_PROBLEM DESCRIPTION_.
Return, from the data that follows, each line that holds the word "true".

[Saved data entries]
Definition coupling (R : realType) (d : nat) (mu : probability (jointT R d) R)
    (g : probability ((Rvec R d * R) * (Rvec R d * R))%type R) : Prop :=
  forall B : set (Rvec R d * R)%type, measurable B ->
    g (B `*` setT) = cond_law mu false B /\ g (setT `*` B) = cond_law mu true B.

Definition W1 (R : realType) (d : nat) (mu : probability (jointT R d) R) : \bar R :=
  ereal_inf [set (\int[g]_p (eucl_dist1 p.1 p.2)%:E)%E | g in coupling mu].

(* eps_{1, mu_a}(h(X)) = E_{mu_a}[ |h(X) - Y| ] = E[|h(X) - Y| 1{A=a}] / P(A = a);
   the integral is taken over the (full-measure, measurable) event {X \in Xs}. *)
Definition eps1 (R : realType) (d : nat) (mu : probability (jointT R d) R)
    (Xs : set 'rV[R]_d) (h : 'rV[R]_d -> R) (a : bool) : \bar R :=
  ((\int[mu]_(z in @evA R d a `&` [set z | Xs z.1.1]) (`|h z.1.1 - z.2|)%:E)
     * ((fine (mu (@evA R d a)))^-1)%:E)%E.

From HB Require Import structures.
From mathcomp Require Import all_boot all_order all_algebra.
From mathcomp Require Import all_classical all_reals all_analysis.
From mathcomp Require Import measurable_realfun.
From mathcomp Require Import ring lra.
Set Implicit Arguments. Unset Strict Implicit. Unset Printing Implicit Defensive.
Import Order.TTheory GRing.Theory Num.Theory.
Import numFieldNormedType.Exports.
Local Open Scope classical_set_scope.
Local Open Scope ring_scope.

(* For any coupling g of mu_0 and mu_1, eps_{1,mu_a} is the g-expectation of
   the loss l(x, y) = |h x - y| evaluated at the a-th marginal.  By
   Cauchy-Schwarz, rho |x - x'| + |y - y'| <= sqrt(rho^2 + 1) |(x,y) - (x',y')|,
   so l is sqrt(rho^2 + 1)-Lipschitz on Xs x R, whence
   |eps_0 - eps_1| <= sqrt(rho^2 + 1) E_g |p - q|; take the infimum over g. *)

Lemma continuous_measurable_Rvec (R : realType) n (D : set 'rV[R]_n)
    (f : 'rV[R]_n -> R) :
  measurable (D : set (Rvec R n)) -> {within D, continuous f} ->
  measurable_fun (D : set (Rvec R n)) (f : Rvec R n -> R).
Proof.
move=> mD /continuousP cf.
apply: (measurability _ (RGenOpens.measurableE R)) => _ [_ [a [b ->] <-]].
have /open_subspaceP[V oV VD] :=
  cf _ (@interval_open R (BRight a) (BLeft b) isT isT).
by rewrite setIC -VD; apply: measurableI => //; exact: sub_sigma_algebra.
Qed.

Lemma eucl_dist_le_coord (R : realType) n (x y : 'rV[R]_n) (r : R) :
  0 <= r -> (forall i, `|x 0 i - y 0 i| <= r) -> eucl_dist x y <= n.+1%:R * r.
Proof.
move=> r0 xyr; rewrite /eucl_dist -[leRHS]ger0_norm ?mulr_ge0// -sqrtr_sqr.
rewrite ler_sqrt ?sqr_ge0//.
apply: (@le_trans _ _ (\sum_(i < n) r ^+ 2)).
  apply: ler_sum => i _; rewrite -real_normK ?num_real//.
  by rewrite lerXn2r ?nnegrE.
rewrite sumr_const card_ord exprMn -[_ *+ n]mulr_natl ler_wpM2r ?sqr_ge0//.
by rewrite -natrX ler_nat expnS (leq_trans (leqnSn n)) ?leq_pmulr.
Qed.

Lemma lipschitz_within_continuous (R : realType) n (D : set 'rV[R]_n)
    (f : 'rV[R]_n -> R) (k : R) : 0 <= k ->
  (forall x x', D x -> D x' -> `|f x - f x'| <= k * eucl_dist x x') ->
  {within D, continuous f}.
Proof.
move=> k0 fk; apply/subspace_continuousP => x Dx.
apply/cvgrPdist_lt => e e0.
have k1 : 0 < k + 1 by rewrite ltr_wpDl.
pose r := e / (k + 1) / n.+1%:R.
have r0 : 0 < r by rewrite !divr_gt0.
rewrite near_withinE; near=> y => Dy; rewrite /from_subspace.
have xyr i : `|x 0 i - y 0 i| <= r.
  have : ball x r y by near: y; exact: nbhsx_ballx.
  by move=> [_ /(_ 0 i)] /ltW.
apply: le_lt_trans (fk _ _ Dx Dy) _.
apply: (@le_lt_trans _ _ (k * (e / (k + 1)))).
  rewrite ler_wpM2l// (le_trans (eucl_dist_le_coord (ltW r0) xyr))//.
  by rewrite /r mulrC divfK// pnatr_eq0.
by rewrite mulrA ltr_pdivrMr// mulrC ltr_pM2l// ltrDl.
Unshelve. all: by end_near.
Qed.

Lemma measurable_eucl_dist1 (R : realType) d :
  measurable_fun setT
    (fun p : ((Rvec R d * R) * (Rvec R d * R))%type => eucl_dist1 p.1 p.2).
Proof.
have mcoord (i : 'I_d) : measurable_fun setT (fun x : Rvec R d => x 0 i).
  apply: continuous_measurable_Rvec => //.
  exact/continuous_subspaceT/coord_continuous.
apply: measurableT_comp.
  by apply: continuous_measurable_fun; exact: sqrt_continuous.
apply: measurable_funD.
  apply: measurable_sum => i; apply/measurable_funX/measurable_funB.
    exact: measurableT_comp (mcoord i)
      (measurableT_comp measurable_fst measurable_fst).
  exact: measurableT_comp (mcoord i)
    (measurableT_comp measurable_fst measurable_snd).
apply/measurable_funX/measurable_funB.
  exact: measurableT_comp measurable_snd measurable_fst.
exact: measurableT_comp measurable_snd measurable_snd.
Qed.

Lemma cauchy_schwarz2 (R : realType) (k e u : R) :
  0 <= k -> 0 <= e -> 0 <= u ->
  k * e + u <= Num.sqrt (k ^+ 2 + 1) * Num.sqrt (e ^+ 2 + u ^+ 2).
Proof.
move=> k0 e0 u0; rewrite -sqrtrM ?addr_ge0 ?sqr_ge0//.
rewrite -[leLHS]ger0_norm ?addr_ge0 ?mulr_ge0// -sqrtr_sqr ler_sqrt;
  last by rewrite mulr_ge0 ?addr_ge0 ?sqr_ge0.
have := sqr_ge0 (k * u - e); nra.
Qed.

Section integrals.
Local Open Scope ereal_scope.

Lemma ge0_integral_transfer d1 d2 d3 (X1 : measurableType d1)
    (X2 : measurableType d2) (Y : measurableType d3) (R : realType)
    (m1 : {measure set X1 -> \bar R}) (m2 : {measure set X2 -> \bar R})
    (phi1 : X1 -> Y) (phi2 : X2 -> Y) (G : Y -> \bar R) :
  measurable_fun setT phi1 -> measurable_fun setT phi2 ->
  (forall B, measurable B -> m1 (phi1 @^-1` B) = m2 (phi2 @^-1` B)) ->
  measurable_fun setT G -> (forall y, 0 <= G y) ->
  \int[m1]_x G (phi1 x) = \int[m2]_x G (phi2 x).
Proof.
move=> mphi1 mphi2 m12 mG G0.
have := ge0_integral_pushforward mphi1 m1 measurableT mG (fun y _ => G0 y).
have := ge0_integral_pushforward mphi2 m2 measurableT mG (fun y _ => G0 y).
rewrite !preimage_setT => <- <-.
by apply: eq_measure_integral => B mB _; exact: m12.
Qed.

Lemma ge0_integral_mrestr d (T : measurableType d) (R : realType)
    (m : {measure set T -> \bar R}) (D : set T) (mD : measurable D)
    (f : T -> \bar R) :
  measurable_fun setT f -> (forall x, 0 <= f x) ->
  \int[mrestr m mD]_x f x = \int[m]_(x in D) f x.
Proof.
move=> mf f0.
have mrestrC : mrestr m mD (~` D) = 0 by rewrite /mrestr setICl measure0.
rewrite (ge0_negligible_integral _ _ _ _ mrestrC) ?setTD ?setCK//; last first.
  exact: measurableC.
by apply: eq_measure_integral => A mA AD; rewrite /= /mrestr setIidl.
Qed.

Lemma le_abse_integralB d (T : measurableType d) (R : realType)
    (m : {measure set T -> \bar R}) (f1 f2 g : T -> R) (k : R) :
  (0 <= k)%R ->
  m.-integrable setT (EFin \o f1) -> m.-integrable setT (EFin \o f2) ->
  measurable_fun setT g -> (forall x, 0 <= g x)%R ->
  {ae m, forall x, (`|f1 x - f2 x| <= k * g x)%R} ->
  `|\int[m]_x (f1 x)%:E - \int[m]_x (f2 x)%:E| <= k%:E * \int[m]_x (g x)%:E.
Proof.
move=> k0 if1 if2 mg g0 f12g.
have mf12 : measurable_fun setT (EFin \o (f1 \- f2)%R).
  apply/measurable_EFinP/measurable_funB; apply/measurable_EFinP.
  - exact: measurable_int if1.
  - exact: measurable_int if2.
rewrite -integralB_EFin// (le_trans (le_abse_integral _ _ mf12))//.
rewrite -ge0_integralZl_EFin//; last 2 first.
  - by move=> x _; rewrite lee_fin.
  - exact/measurable_EFinP.
apply: ae_ge0_le_integral => //.
- exact: measurableT_comp.
- by move=> x _; rewrite lee_fin mulr_ge0.
- exact/measurable_EFinP/measurable_funM.
by apply: filterS f12g => x f12gx _; rewrite /= lee_fin.
Qed.

End integrals.

Section individually_fair.
Variables (R : realType) (d : nat) (mu : probability (jointT R d) R).
Variables (Xs : set 'rV[R]_d) (h : 'rV[R]_d -> R) (rho : R).
Hypothesis mXs : measurable (Xs : set (Rvec R d)).
Hypothesis aeXs : {ae mu, forall z : jointT R d, Xs z.1.1}.
Hypothesis rho_ge0 : 0 <= rho.
Hypothesis h_lipschitz :
  forall x x', Xs x -> Xs x' -> `|h x - h x'| <= rho * eucl_dist x x'.

Lemma measurable_evA a : measurable (@evA R d a).
Proof.
have mA : measurable_fun setT (fun z : jointT R d => z.1.2).
  exact: measurableT_comp measurable_snd measurable_fst.
by have := mA measurableT [set a]; rewrite setTI; exact.
Qed.

Lemma measurable_pXY : measurable_fun setT (@pXY R d).
Proof.
apply: measurable_fun_pair => //.
exact: measurableT_comp measurable_fst measurable_fst.
Qed.

(* Cut off outside Xs x R, where h is unconstrained and possibly not even
   measurable; eps1 only integrates over {X \in Xs}. *)
Definition loss : Rvec R d * R -> R :=
  (fun p => `|h p.1 - p.2|) \_ ((Xs : set (Rvec R d)) `*` setT).

Lemma loss_ge0 p : 0 <= loss p.
Proof. by rewrite /loss patchE; case: ifPn. Qed.

Lemma measurable_loss : measurable_fun setT loss.
Proof.
apply/(measurable_restrictT _ _).1; first exact: measurableX.
apply: measurableT_comp => //; apply: measurable_funB; last first.
  exact: measurable_funTS measurable_snd.
apply: (@measurable_comp _ _ _ _ _ _ (Xs : set (Rvec R d))) => //.
- by move=> _ [[x y] [Xx _] <-].
- apply: continuous_measurable_Rvec => //.
  exact: lipschitz_within_continuous rho_ge0 h_lipschitz.
- exact: measurable_funTS measurable_fst.
Qed.

Lemma lipschitz_loss p q : Xs p.1 -> Xs q.1 ->
  `|loss p - loss q| <= Num.sqrt (rho ^+ 2 + 1) * eucl_dist1 p q.
Proof.
case: p q => [x y] [x' y'] /= Xx Xx'.
rewrite /loss !patchE !ifT ?inE//=.
apply: le_trans (ler_dist_dist _ _) _.
have -> : h x - y - (h x' - y') = (h x - h x') - (y - y') by ring.
apply: le_trans (ler_normB _ _) _.
apply: (@le_trans _ _ (rho * eucl_dist x x' + `|y - y'|)).
  by rewrite lerD2r h_lipschitz.
apply: le_trans (cauchy_schwarz2 rho_ge0 (sqrtr_ge0 _) (normr_ge0 (y - y'))) _.
rewrite /eucl_dist1 /= sqr_sqrtr ?sumr_ge0// => [|i _]; last exact: sqr_ge0.
by rewrite real_normK ?num_real.
Qed.

Local Open Scope ereal_scope.

Let inv_mass_ge0 a : (0 <= (fine (mu (evA a)))^-1)%R.
Proof. by rewrite invr_ge0 fine_ge0. Qed.

Definition cond_measure a : {measure set jointT R d -> \bar R} :=
  mscale (NngNum (inv_mass_ge0 a)) (mrestr mu (measurable_evA a)).

Lemma cond_lawE a B : cond_law mu a B = cond_measure a (@pXY R d @^-1` B).
Proof. by rewrite /cond_law /= /mscale /mrestr setIC muleC. Qed.

Lemma eps1E a : eps1 mu Xs h a = \int[cond_measure a]_z (loss (pXY z))%:E.
Proof.
have mlossXY : measurable_fun setT (fun z => (loss (@pXY R d z))%:E).
  apply/measurable_EFinP.
  exact: measurableT_comp measurable_loss measurable_pXY.
rewrite ge0_integral_mscale//; last by move=> z _; rewrite lee_fin loss_ge0.
rewrite ge0_integral_mrestr//; last by move=> z; rewrite lee_fin loss_ge0.
rewrite /eps1 integral_mkcondr muleC; congr (_ * _).
apply: eq_integral => z _; rewrite /loss !patchE /pXY /=.
have [Xz|nXz] := pselect (Xs z.1.1); first by rewrite !ifT ?inE.
by rewrite !ifF//; apply: memNset => // -[].
Qed.

Definition marginal (g : probability ((Rvec R d * R) * (Rvec R d * R))%type R)
    (phi : (Rvec R d * R) * (Rvec R d * R) -> Rvec R d * R) a :=
  forall B, measurable B -> g (phi @^-1` B) = cond_law mu a B.

Lemma coupling_marginals g :
  coupling mu g -> marginal g fst false /\ marginal g snd true.
Proof.
move=> cg; split => B mB.
- rewrite (_ : fst @^-1` B = B `*` setT); first exact: (cg B mB).1.
  by apply/seteqP; split=> -[? ?] //= [].
- rewrite (_ : snd @^-1` B = setT `*` B); first exact: (cg B mB).2.
  by apply/seteqP; split=> -[? ?] //= [].
Qed.

Section marginal.
Variables (g : probability ((Rvec R d * R) * (Rvec R d * R))%type R).
Variables (phi : (Rvec R d * R) * (Rvec R d * R) -> Rvec R d * R) (a : bool).
Hypotheses (mphi : measurable_fun setT phi) (g_phi : marginal g phi a).

Lemma marginal_loss_integral : \int[g]_p (loss (phi p))%:E = eps1 mu Xs h a.
Proof.
rewrite eps1E; apply: (ge0_integral_transfer (G := fun y => (loss y)%:E)) => //.
- exact: measurable_pXY.
- by move=> B mB; rewrite -cond_lawE; exact: g_phi.
- by apply/measurable_EFinP; exact: measurable_loss.
- by move=> p; rewrite lee_fin loss_ge0.
Qed.

Lemma marginal_loss_integrable :
  eps1 mu Xs h a < +oo -> g.-integrable setT (EFin \o (loss \o phi)).
Proof.
move=> eps_fin; apply/integrableP; split.
  by apply/measurable_EFinP; exact: measurableT_comp measurable_loss mphi.
under eq_integral do rewrite /= ger0_norm ?loss_ge0//.
by rewrite marginal_loss_integral.
Qed.

Lemma marginal_ae_Xs : {ae g, forall p, Xs (phi p).1}.
Proof.
have mnotXs : measurable (~` (Xs : set (Rvec R d)) `*` @setT R).
  by apply: measurableX => //; exact: measurableC.
exists (phi @^-1` (~` (Xs : set (Rvec R d)) `*` setT)); split => //.
- by rewrite -[X in measurable X]setTI; exact: mphi.
- rewrite g_phi// cond_lawE /= /mscale /mrestr.
  have [N [mN muN XsN]] := aeXs.
  rewrite [X in _ * X](@subset_measure0 _ _ _ mu _ N) ?mule0//; last first.
    by move=> z [[/XsN]].
  apply: measurableI (measurable_evA a).
  by rewrite -[X in measurable X]setTI; exact: measurable_pXY.
Qed.

End marginal.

_OUTPUT FOR THIS TASK_.
    g (B `*` setT) = cond_law mu false B /\ g (setT `*` B) = cond_law mu true B.
  coupling mu g -> marginal g fst false /\ marginal g snd true.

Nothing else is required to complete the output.